ASSIGNMENT:
Only these lines of the data below are wanted: the one with "by rewrite mulnDr (mulSn 2) leq_add.", the one with "Definition ncheap I", and any lines between them, each repeated exactly.

── TASK MATERIAL

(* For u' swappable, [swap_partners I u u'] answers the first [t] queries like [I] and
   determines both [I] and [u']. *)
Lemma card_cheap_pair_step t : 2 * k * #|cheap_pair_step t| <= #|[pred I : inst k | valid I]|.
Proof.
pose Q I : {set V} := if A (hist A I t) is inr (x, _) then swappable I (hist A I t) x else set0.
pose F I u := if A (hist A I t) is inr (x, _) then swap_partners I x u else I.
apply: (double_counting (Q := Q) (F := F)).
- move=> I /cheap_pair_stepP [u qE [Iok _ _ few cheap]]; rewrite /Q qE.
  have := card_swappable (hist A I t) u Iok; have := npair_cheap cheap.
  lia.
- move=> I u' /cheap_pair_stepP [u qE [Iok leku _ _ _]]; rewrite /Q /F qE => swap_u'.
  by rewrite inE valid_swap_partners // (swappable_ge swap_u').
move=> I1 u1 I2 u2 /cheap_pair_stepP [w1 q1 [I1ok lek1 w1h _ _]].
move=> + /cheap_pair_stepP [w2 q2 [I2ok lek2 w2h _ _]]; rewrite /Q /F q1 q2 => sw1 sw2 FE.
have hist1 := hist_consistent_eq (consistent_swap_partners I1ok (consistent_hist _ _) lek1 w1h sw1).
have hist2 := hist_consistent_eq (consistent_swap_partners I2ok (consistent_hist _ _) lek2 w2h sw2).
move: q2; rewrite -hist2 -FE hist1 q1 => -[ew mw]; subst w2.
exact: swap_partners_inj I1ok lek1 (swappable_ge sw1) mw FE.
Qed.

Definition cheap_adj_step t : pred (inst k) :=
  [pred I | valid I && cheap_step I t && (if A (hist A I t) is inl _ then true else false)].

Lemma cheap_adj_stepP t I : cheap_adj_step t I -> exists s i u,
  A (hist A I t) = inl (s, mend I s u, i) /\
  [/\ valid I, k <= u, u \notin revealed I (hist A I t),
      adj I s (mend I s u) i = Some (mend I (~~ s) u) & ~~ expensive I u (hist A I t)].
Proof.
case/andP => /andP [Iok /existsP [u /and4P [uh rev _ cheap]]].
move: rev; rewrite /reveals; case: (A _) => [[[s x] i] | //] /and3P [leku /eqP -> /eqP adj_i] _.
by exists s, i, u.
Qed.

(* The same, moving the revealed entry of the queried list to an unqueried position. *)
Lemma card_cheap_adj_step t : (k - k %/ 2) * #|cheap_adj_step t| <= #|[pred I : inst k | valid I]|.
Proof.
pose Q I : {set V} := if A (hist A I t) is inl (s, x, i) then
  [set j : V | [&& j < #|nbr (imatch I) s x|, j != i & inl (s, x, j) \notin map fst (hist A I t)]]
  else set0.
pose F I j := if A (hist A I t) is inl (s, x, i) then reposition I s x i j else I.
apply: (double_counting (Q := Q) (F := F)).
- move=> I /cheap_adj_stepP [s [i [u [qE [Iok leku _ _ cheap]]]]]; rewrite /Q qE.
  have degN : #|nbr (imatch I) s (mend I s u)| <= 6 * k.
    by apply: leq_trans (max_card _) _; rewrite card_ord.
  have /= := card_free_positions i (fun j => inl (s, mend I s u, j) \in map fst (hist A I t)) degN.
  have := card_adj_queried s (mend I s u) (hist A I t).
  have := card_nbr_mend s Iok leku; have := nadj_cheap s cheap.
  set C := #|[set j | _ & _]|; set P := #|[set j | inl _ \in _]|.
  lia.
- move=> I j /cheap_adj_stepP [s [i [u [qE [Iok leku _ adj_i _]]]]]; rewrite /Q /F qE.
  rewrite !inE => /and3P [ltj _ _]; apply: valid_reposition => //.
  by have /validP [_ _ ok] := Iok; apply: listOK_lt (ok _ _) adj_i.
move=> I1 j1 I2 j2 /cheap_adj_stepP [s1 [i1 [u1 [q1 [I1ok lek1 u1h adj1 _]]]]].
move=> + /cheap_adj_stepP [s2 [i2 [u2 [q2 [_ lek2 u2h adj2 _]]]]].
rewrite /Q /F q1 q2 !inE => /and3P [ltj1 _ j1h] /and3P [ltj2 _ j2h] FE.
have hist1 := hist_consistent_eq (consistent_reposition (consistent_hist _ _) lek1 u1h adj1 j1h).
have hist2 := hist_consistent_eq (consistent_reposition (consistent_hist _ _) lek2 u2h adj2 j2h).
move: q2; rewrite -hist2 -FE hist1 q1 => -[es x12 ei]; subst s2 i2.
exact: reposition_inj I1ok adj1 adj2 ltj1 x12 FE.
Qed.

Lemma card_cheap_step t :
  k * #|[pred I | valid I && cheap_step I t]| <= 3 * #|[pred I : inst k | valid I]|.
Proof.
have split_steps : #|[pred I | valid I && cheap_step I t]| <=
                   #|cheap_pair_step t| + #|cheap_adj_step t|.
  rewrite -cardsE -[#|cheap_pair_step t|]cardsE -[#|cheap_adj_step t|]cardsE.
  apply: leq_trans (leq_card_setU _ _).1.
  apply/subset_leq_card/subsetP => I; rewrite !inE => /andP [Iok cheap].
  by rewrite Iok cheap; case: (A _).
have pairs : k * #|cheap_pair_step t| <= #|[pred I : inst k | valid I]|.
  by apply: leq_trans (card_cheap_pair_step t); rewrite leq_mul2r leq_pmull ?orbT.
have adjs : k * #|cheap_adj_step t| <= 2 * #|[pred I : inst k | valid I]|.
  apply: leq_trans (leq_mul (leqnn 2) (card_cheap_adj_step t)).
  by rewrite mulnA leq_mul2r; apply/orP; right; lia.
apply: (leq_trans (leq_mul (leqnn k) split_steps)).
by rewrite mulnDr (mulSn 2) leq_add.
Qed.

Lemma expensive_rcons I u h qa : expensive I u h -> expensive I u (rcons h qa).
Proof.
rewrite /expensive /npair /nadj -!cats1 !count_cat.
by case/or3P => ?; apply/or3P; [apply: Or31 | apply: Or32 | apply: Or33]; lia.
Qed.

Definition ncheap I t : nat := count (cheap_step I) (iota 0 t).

────
── TASK MATERIAL

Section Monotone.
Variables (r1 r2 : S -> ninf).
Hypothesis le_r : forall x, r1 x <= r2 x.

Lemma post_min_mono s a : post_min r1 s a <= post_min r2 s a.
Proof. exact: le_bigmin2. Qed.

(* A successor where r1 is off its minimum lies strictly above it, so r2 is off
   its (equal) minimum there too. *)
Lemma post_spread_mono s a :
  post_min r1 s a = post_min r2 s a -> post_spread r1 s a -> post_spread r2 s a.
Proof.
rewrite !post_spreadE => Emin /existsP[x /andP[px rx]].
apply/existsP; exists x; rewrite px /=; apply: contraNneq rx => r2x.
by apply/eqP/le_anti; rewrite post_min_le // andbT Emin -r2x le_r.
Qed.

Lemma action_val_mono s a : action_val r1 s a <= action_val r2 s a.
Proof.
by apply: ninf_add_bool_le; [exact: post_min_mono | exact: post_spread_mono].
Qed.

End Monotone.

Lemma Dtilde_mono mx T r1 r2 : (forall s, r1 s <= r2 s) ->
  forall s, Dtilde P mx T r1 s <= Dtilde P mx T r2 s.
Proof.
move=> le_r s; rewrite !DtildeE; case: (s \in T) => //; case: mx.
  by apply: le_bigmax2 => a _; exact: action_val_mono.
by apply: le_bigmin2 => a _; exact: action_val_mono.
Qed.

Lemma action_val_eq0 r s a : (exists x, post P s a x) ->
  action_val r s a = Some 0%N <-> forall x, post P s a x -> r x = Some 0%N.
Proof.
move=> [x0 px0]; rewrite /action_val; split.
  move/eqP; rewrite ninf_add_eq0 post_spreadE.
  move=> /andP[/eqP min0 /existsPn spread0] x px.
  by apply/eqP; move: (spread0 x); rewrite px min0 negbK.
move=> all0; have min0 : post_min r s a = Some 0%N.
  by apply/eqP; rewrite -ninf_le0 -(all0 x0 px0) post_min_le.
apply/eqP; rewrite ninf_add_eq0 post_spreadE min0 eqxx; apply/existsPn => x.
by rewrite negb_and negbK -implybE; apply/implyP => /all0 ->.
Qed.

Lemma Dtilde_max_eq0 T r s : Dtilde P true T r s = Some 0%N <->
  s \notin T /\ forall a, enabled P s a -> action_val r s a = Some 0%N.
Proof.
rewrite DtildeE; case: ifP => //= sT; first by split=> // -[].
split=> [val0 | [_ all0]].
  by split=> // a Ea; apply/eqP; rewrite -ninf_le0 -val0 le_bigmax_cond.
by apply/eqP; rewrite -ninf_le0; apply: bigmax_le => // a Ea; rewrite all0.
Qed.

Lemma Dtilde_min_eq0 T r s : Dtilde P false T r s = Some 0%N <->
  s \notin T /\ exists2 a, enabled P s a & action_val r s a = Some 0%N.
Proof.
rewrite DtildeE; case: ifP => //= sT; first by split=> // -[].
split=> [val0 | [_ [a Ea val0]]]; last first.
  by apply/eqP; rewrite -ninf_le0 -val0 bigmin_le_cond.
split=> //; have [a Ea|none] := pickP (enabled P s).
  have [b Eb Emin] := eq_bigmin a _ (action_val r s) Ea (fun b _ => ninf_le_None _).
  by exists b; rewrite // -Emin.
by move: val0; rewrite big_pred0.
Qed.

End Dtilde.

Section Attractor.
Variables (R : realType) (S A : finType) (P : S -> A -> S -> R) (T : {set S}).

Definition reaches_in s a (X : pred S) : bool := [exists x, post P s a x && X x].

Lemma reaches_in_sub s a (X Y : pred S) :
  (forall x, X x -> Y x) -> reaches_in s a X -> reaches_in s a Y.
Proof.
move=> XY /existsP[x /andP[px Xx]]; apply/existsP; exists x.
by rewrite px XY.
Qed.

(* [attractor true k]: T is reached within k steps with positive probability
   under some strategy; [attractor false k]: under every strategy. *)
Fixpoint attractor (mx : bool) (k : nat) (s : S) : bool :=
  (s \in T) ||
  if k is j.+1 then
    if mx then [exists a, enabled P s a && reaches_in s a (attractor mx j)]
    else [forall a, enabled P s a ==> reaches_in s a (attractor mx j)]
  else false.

────

ANSWER AREA:
by rewrite mulnDr (mulSn 2) leq_add.
Qed.

Lemma expensive_rcons I u h qa : expensive I u h -> expensive I u (rcons h qa).
Proof.
rewrite /expensive /npair /nadj -!cats1 !count_cat.
by case/or3P => ?; apply/or3P; [apply: Or31 | apply: Or32 | apply: Or33]; lia.
Qed.

Definition ncheap I t : nat := count (cheap_step I) (iota 0 t).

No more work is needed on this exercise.